**Records supplied**
═══

(* Let $\mathcal{O}$ be an $m$-dimensional pseudo USO with $m\geq 3$, with vertex set $[V,W]$, such that $V$ is a global sink of $\mathcal{O}$. Then $\mathcal{O}$ contains a directed cycle all of whose vertices are of the form $V\cup\{i\}$ or $V\cup\{i,j\}$ with $i,j\in W\setminus V$.
   Context: For sets $U,V$ let $U\oplus V=(U\cup V)\setminus(U\cap V)$, and for $U\subseteq W$ let $[U,W]=\{X: U\subseteq X\subseteq W\}$. A cube orientation is a directed graph with vertex set $[U,W]$ which, for every vertex $X$ and every $i\in W\setminus U$, contains exactly one of the directed edges $(X,X\oplus\{i\})$ and $(X\oplus\{i\},X)$; its dimension is $|W\setminus U|$. A face is the subgraph induced by a subinterval $[U',W']\subseteq[U,W]$; it is proper if $[U',W']\neq[U,W]$. A sink is a vertex with no outgoing edge. A pseudo USO is a cube orientation that does not have a unique global sink, but in which every proper face has a unique sink. *)

From mathcomp Require Import all_boot.
Set Implicit Arguments. Unset Strict Implicit. Unset Printing Implicit Defensive.

Section Cube.
Variable T : finType.

Definition symdiff (A B : {set T}) : {set T} := (A :|: B) :\: (A :&: B).

Definition in_interval (U W X : {set T}) : bool := (U \subset X) && (X \subset W).

Definition cube_orientation (U W : {set T}) (E : rel {set T}) : Prop :=
  U \subset W /\
  (forall X Y, E X Y ->
     [/\ in_interval U W X, in_interval U W Y &
         exists2 i, i \in W :\: U & Y = symdiff X [set i]]) /\
  (forall X i, in_interval U W X -> i \in W :\: U ->
     E X (symdiff X [set i]) = ~~ E (symdiff X [set i]) X).

Definition dimension (U W : {set T}) : nat := #|W :\: U|.

Definition is_sink (U' W' : {set T}) (E : rel {set T}) (X : {set T}) : Prop :=
  in_interval U' W' X /\ (forall Y, in_interval U' W' Y -> ~~ E X Y).

Definition unique_sink (U' W' : {set T}) (E : rel {set T}) : Prop :=
  exists X, is_sink U' W' E X /\ forall Y, is_sink U' W' E Y -> Y = X.

Definition face (U W U' W' : {set T}) : Prop :=
  [/\ U \subset U', U' \subset W' & W' \subset W].

Definition proper_face (U W U' W' : {set T}) : Prop :=
  face U W U' W' /\ ~ (U' = U /\ W' = W).

Definition pseudo_uso (U W : {set T}) (E : rel {set T}) : Prop :=
  [/\ cube_orientation U W E,
      ~ unique_sink U W E &
      forall U' W', proper_face U W U' W' -> unique_sink U' W' E].

Definition directed_cycle (E : rel {set T}) (s : seq {set T}) : Prop :=
  [/\ 2 <= size s, uniq s & cycle E s].

End Cube.

From mathcomp Require Import all_boot zify.
Set Implicit Arguments. Unset Strict Implicit. Unset Printing Implicit Defensive.

(* V is a sink but not the unique one; any other sink Y must be W, since
   otherwise some k in W \ Y lies outside V and the proper face [V, W \ {k}]
   would have the two sinks V and Y.  As the proper faces [X, W] and [V, X]
   have the unique sinks W and V, every vertex X other than V and W has an
   edge going up and an edge going down.  When dim >= 3, the vertices X with
   |X \ V| = 1 or 2 are all distinct from V and W, so each of them has an
   out-neighbour among them (up from layer 1, down from layer 2), and
   following out-edges in this finite set closes a directed cycle. *)

Lemma uniq_cycle_of_successors (A : finType) (e : rel A) (P : pred A) x0 :
  irreflexive e -> P x0 -> (forall x, P x -> exists y, P y && e x y) ->
  exists s, [/\ 2 <= size s, uniq s, cycle e s & all P s].
Proof.
move=> irr Px0 succ.
have hf x : {y | P x -> P y && e x y}.
  case: (boolP (P x)) => Px; last by exists x.
  case: (pickP [pred y | P y && e x y]) => [y Hy|none]; first by exists y.
  by exfalso; have [y Hy] := succ x Px; rewrite [_ && _]none in Hy.
pose f x := sval (hf x).
have fP x : P x -> P (f x) && e x (f x) := svalP (hf x).
have iterP n : P (iter n f x0) by elim: n => //= n /fP /andP[].
have : ~~ uniq (traject f x0 #|A|.+1).
  apply/negP => /card_uniqP; rewrite size_traject => card_traj.
  by have := max_card (mem (traject f x0 #|A|.+1)); rewrite card_traj ltnn.
case/(uniqPn x0) => i [j [ij]]; rewrite size_traject => jN.
rewrite !nth_traject ?(ltn_trans ij jN) // => eqij.
pose x := iter i f x0.
have cyc : fcycle f (orbit f x).
  apply/(@orbitPcycle _ f x 0 3); exists (j - i).-1.
  by rewrite prednK ?subn_gt0 // /x -iterD subnK // ltnW.
have Porb y : y \in orbit f x -> P y.
  by rewrite -fconnect_orbit => /iter_findex <-; rewrite /x -iterD.
exists (orbit f x); split; last 2 first.
- apply: (sub_in_cycle (P := mem (orbit f x))) cyc; last exact/allP.
  by move=> y z /Porb /fP /andP[_] + _ /eqP <-.
- exact/allP.
- rewrite size_orbit; move: cyc; rewrite /orbit.
  case: (order f x) (order_gt0 f x) => [|[|n]] // _ /=; rewrite andbT => /eqP fx.
  by have /andP[_] := fP x (Porb x (in_orbit f x)); rewrite fx irr.
- exact: orbit_uniq.
Qed.

Section CubeOrientation.
Variables (T : finType) (E : rel {set T}).
Implicit Types U W X Y : {set T}.

Definition layer12 V W X : bool := in_interval V W X && (0 < #|X :\: V| < 3).

Lemma symdiff_set1 X k : symdiff X [set k] = if k \in X then X :\ k else k |: X.
Proof.
apply/setP => x; rewrite /symdiff; case: ifP => kX; rewrite !inE;
  by case: (eqVneq x k) => [->|]; rewrite ?kX ?andbT ?andbF ?orbF.
Qed.

Lemma in_intervalP U W X : reflect (U \subset X /\ X \subset W) (in_interval U W X).
Proof. exact: andP. Qed.

Lemma sinkP U W X :
  reflect (is_sink U W E X)
          (in_interval U W X && [forall Y, in_interval U W Y ==> ~~ E X Y]).
Proof.
apply: (iffP andP) => [[XUW /forallP sX]|[XUW sX]]; split=> //.
  by move=> Y YUW; have := sX Y; rewrite YUW.
by apply/forallP => Y; apply/implyP; apply: sX.
Qed.

Lemma sink_face U W U' W' X :
  is_sink U W E X -> face U W U' W' -> in_interval U' W' X -> is_sink U' W' E X.
Proof.
move=> [_ sX] [UU' _ W'W] XUW'; split=> // Y /in_intervalP[U'Y YW']; apply: sX.
by rewrite /in_interval (subset_trans UU' U'Y) (subset_trans YW' W'W).
Qed.

Lemma unique_sink_eq U W X Y :
  unique_sink U W E -> is_sink U W E X -> is_sink U W E Y -> X = Y.
Proof. by move=> [Z [_ uZ]] /uZ -> /uZ ->. Qed.

Lemma not_unique_sink U W S :
  ~ unique_sink U W E -> is_sink U W E S -> exists2 Y, is_sink U W E Y & Y != S.
Proof.
move=> not_uniq sS.
case: (pickP [pred Y | (Y != S) &&
    (in_interval U W Y && [forall Z, in_interval U W Z ==> ~~ E Y Z])]).
  by move=> Y /andP[YS /sinkP sY]; exists Y.
move=> none; case: not_uniq; exists S; split=> // Y /sinkP sY.
by apply/eqP; apply: contraFT (none Y) => YS /=; rewrite YS.
Qed.

Lemma unique_sink_out_edge U W S X :
  unique_sink U W E -> is_sink U W E S -> in_interval U W X -> X != S ->
  exists2 Y, in_interval U W Y & E X Y.
Proof.
move=> uniqS sS XUW XS.
case: (boolP [exists Y, in_interval U W Y && E X Y]) => [/existsP[Y /andP[]]|noY].
  by exists Y.
case/eqP: XS; apply: unique_sink_eq uniqS _ sS; apply/sinkP.
rewrite XUW; apply/forallP => Y; apply/implyP => YUW.
by apply: contra noY => eXY; apply/existsP; exists Y; rewrite YUW.
Qed.

Section Edges.
Variables U W : {set T}.
Hypothesis cubeE : cube_orientation U W E.

Lemma cube_edge_up X Y : E X Y -> X \subset Y -> exists2 k, k \notin X & Y = k |: X.
Proof.
have [_ [edgeE _]] := cubeE.
case/edgeE=> _ _ [k _ ->]; rewrite symdiff_set1; case: ifP => [kX|kX _].
  by move/subsetP/(_ k kX); rewrite !inE eqxx.
by exists k; rewrite ?kX.
Qed.

Lemma cube_edge_down X Y : E X Y -> Y \subset X -> exists2 k, k \in X & Y = X :\ k.
Proof.
have [_ [edgeE _]] := cubeE.
case/edgeE=> _ _ [k _ ->]; rewrite symdiff_set1; case: ifP => [kX _|kX].
  by exists k.
by move/subsetP/(_ k (setU11 k X)); rewrite kX.
Qed.

Lemma cube_orientation_irrefl : irreflexive E.
Proof.
move=> X; apply/negP => /cube_edge_up/(_ (subxx X))[k kX eqX].
by move: kX; rewrite eqX setU11.
Qed.

End Edges.

Section PseudoUSO.
Variables V W : {set T}.
Hypothesis usoE : pseudo_uso V W E.

Lemma pseudo_uso_top_sink : is_sink V W E V -> is_sink V W E W.
Proof.
have [[VW _] not_uniq faces] := usoE; move=> sV.
have [Y sY YV] := not_unique_sink not_uniq sV.
have [/in_intervalP[VY YW] _] := sY.
have [eYW|neYW] := eqVneq Y W; first by rewrite -eYW in sY *.
have [k kW kY] : exists2 k, k \in W & k \notin Y.
  by apply/subsetPn; apply: contraNN neYW => WY; rewrite eqEsubset YW.
have kV : k \notin V by apply: contra kY; apply: subsetP.
have fc : proper_face V W V (W :\ k).
  split; last by case=> _ /setP/(_ k); rewrite !inE eqxx kW.
  by split; rewrite ?subD1set // subsetD1 VW kV.
case/eqP: YV; apply: unique_sink_eq (faces _ _ fc) _ _.
  by apply: sink_face sY fc.1 _; rewrite /in_interval VY subsetD1 YW kY.
by apply: sink_face sV fc.1 _; rewrite /in_interval subxx subsetD1 VW kV.
Qed.

Lemma pseudo_uso_up_edge X :
  is_sink V W E W -> in_interval V W X -> X != V -> X != W ->
  exists2 k, k \in W :\: X & E X (k |: X).
Proof.
have [cubeE _ faces] := usoE; move=> sW /in_intervalP[VX XW] XV XW'.
have fc : proper_face V W X W by split=> //; case=> /eqP; rewrite (negbTE XV).
have sW' : is_sink X W E W.
  by apply: sink_face sW fc.1 _; rewrite /in_interval XW subxx.
have [|Y /in_intervalP[XY YW] eXY] := unique_sink_out_edge (faces _ _ fc) sW' _ XW'.
  by apply/in_intervalP.
have [k kX defY] := cube_edge_up cubeE eXY XY.
exists k; last by rewrite -defY.
by rewrite inE kX (subsetP YW) // defY setU11.
Qed.

Lemma pseudo_uso_down_edge X :
  is_sink V W E V -> in_interval V W X -> X != V -> X != W ->
  exists2 k, k \in X :\: V & E X (X :\ k).
Proof.
have [cubeE _ faces] := usoE; move=> sV /in_intervalP[VX XW] XV XW'.
have fc : proper_face V W V X by split=> //; case=> _ /eqP; rewrite (negbTE XW').
have sV' : is_sink V X E V.
  by apply: sink_face sV fc.1 _; rewrite /in_interval VX subxx.
have [|Y /in_intervalP[VY YX] eXY] := unique_sink_out_edge (faces _ _ fc) sV' _ XV.
  by apply/in_intervalP.
have [k kX defY] := cube_edge_down cubeE eXY YX.
exists k; last by rewrite -defY.
rewrite inE kX andbT; apply: contraTN kX => kV.
by have := subsetP VY k kV; rewrite defY !inE eqxx.
Qed.

Lemma pseudo_uso_layer12_step X :
  is_sink V W E V -> 3 <= #|W :\: V| ->
  layer12 V W X -> exists Y, layer12 V W Y && E X Y.
Proof.
move=> sV dimW /and3P[XVW X_gt0 X_lt3].
have XV : X != V by apply: contraTneq X_gt0 => ->; rewrite setDv cards0.
have XW : X != W by apply: contraTneq X_lt3 => ->; rewrite -leqNgt.
have /in_intervalP[VX XW0] := XVW.
have [X_lt2|X_ge2] := ltnP #|X :\: V| 2.
- have [k /setDP[kW kX] eXk] :=
    pseudo_uso_up_edge (pseudo_uso_top_sink sV) XVW XV XW.
  have kV : k \notin V by apply: contra kX; apply: subsetP.
  exists (k |: X); rewrite eXk andbT /layer12.
  have -> : (k |: X) :\: V = k |: (X :\: V).
    by apply/setP => x; rewrite !inE; case: eqP => // ->; rewrite kV.
  rewrite cardsU1 !inE (negbTE kX) andbF /=.
  by rewrite /in_interval subUset sub1set kW XW0 (subset_trans VX) ?subsetUr.
- have [k /setDP[kX kV] eXk] := pseudo_uso_down_edge sV XVW XV XW.
  exists (X :\ k); rewrite eXk andbT /layer12.
  have -> : (X :\ k) :\: V = (X :\: V) :\ k.
    by apply/setP => x; rewrite !inE andbCA.
  have := cardsD1 k (X :\: V); rewrite !inE kX kV /= => card_XV.
  rewrite /in_interval subsetD1 VX kV (subset_trans (subD1set X k)) //=.
  lia.
Qed.

End PseudoUSO.

Lemma layer12_vertex V W X :
  layer12 V W X ->
  (exists2 i, i \in W :\: V & X = V :|: [set i]) \/
  (exists i j, [/\ i \in W :\: V, j \in W :\: V & X = V :|: [set i; j]]).
Proof.
move=> /andP[/in_intervalP[VX XW] card_XV].
have defX : X = V :|: (X :\: V).
  by rewrite setDE setUIr setUCr setIT; apply/esym/setUidPr.
have /subsetP sub_XV : X :\: V \subset W :\: V by apply: setSD.
have : (#|X :\: V| == 1) || (#|X :\: V| == 2) by lia.
case/orP => [/cards1P[i def_XV] | /cards2P[i [j [_ def_XV]]]].
  left; exists i; last by rewrite defX def_XV.
  by rewrite sub_XV // def_XV set11.
right; exists i, j; split; last by rewrite defX def_XV.
  by rewrite sub_XV // def_XV set21.
by rewrite sub_XV // def_XV set22.
Qed.

End CubeOrientation.

Theorem lemma3p4 (T : finType) (V W : {set T}) (E : rel {set T}) (m : nat) :
  pseudo_uso V W E ->
  dimension V W = m -> 3 <= m ->
  is_sink V W E V ->
  exists s : seq {set T},
    directed_cycle E s /\
    (forall X, X \in s ->
       (exists2 i, i \in W :\: V & X = V :|: [set i]) \/
       (exists i j, [/\ i \in W :\: V, j \in W :\: V & X = V :|: [set i; j]])).
Proof.
move=> usoE <-; rewrite /dimension => dim_ge3 sV.
have [cubeE _ _] := usoE; have [VW _] := cubeE.
have [i /setDP[iW iV]] : exists i, i \in W :\: V by apply/card_gt0P; lia.
have start : layer12 V W (i |: V).
  rewrite /layer12 /in_interval subsetUr subUset sub1set iW VW.
  have -> : (i |: V) :\: V = [set i].
    by apply/setP => x; rewrite !inE; case: eqVneq => [->|_]; rewrite ?iV //= andNb.
  by rewrite cards1.
have [s [size_s uniq_s cycle_s /allP layer12_s]] :=
  uniq_cycle_of_successors (cube_orientation_irrefl cubeE) start
    (fun X => pseudo_uso_layer12_step usoE sV dim_ge3).
by exists s; split=> // X /layer12_s /layer12_vertex.
Qed.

═══

**Problem details**
Out of the data above, transcribe exactly and only the lines starting with the line that has "left; exists i;" and going on through the line that has "(forall X, X \in s ->", both included.

**Result**
  left; exists i; last by rewrite defX def_XV.
  by rewrite sub_XV // def_XV set11.
right; exists i, j; split; last by rewrite defX def_XV.
  by rewrite sub_XV // def_XV set21.
by rewrite sub_XV // def_XV set22.
Qed.

End CubeOrientation.

Theorem lemma3p4 (T : finType) (V W : {set T}) (E : rel {set T}) (m : nat) :
  pseudo_uso V W E ->
  dimension V W = m -> 3 <= m ->
  is_sink V W E V ->
  exists s : seq {set T},
    directed_cycle E s /\
    (forall X, X \in s ->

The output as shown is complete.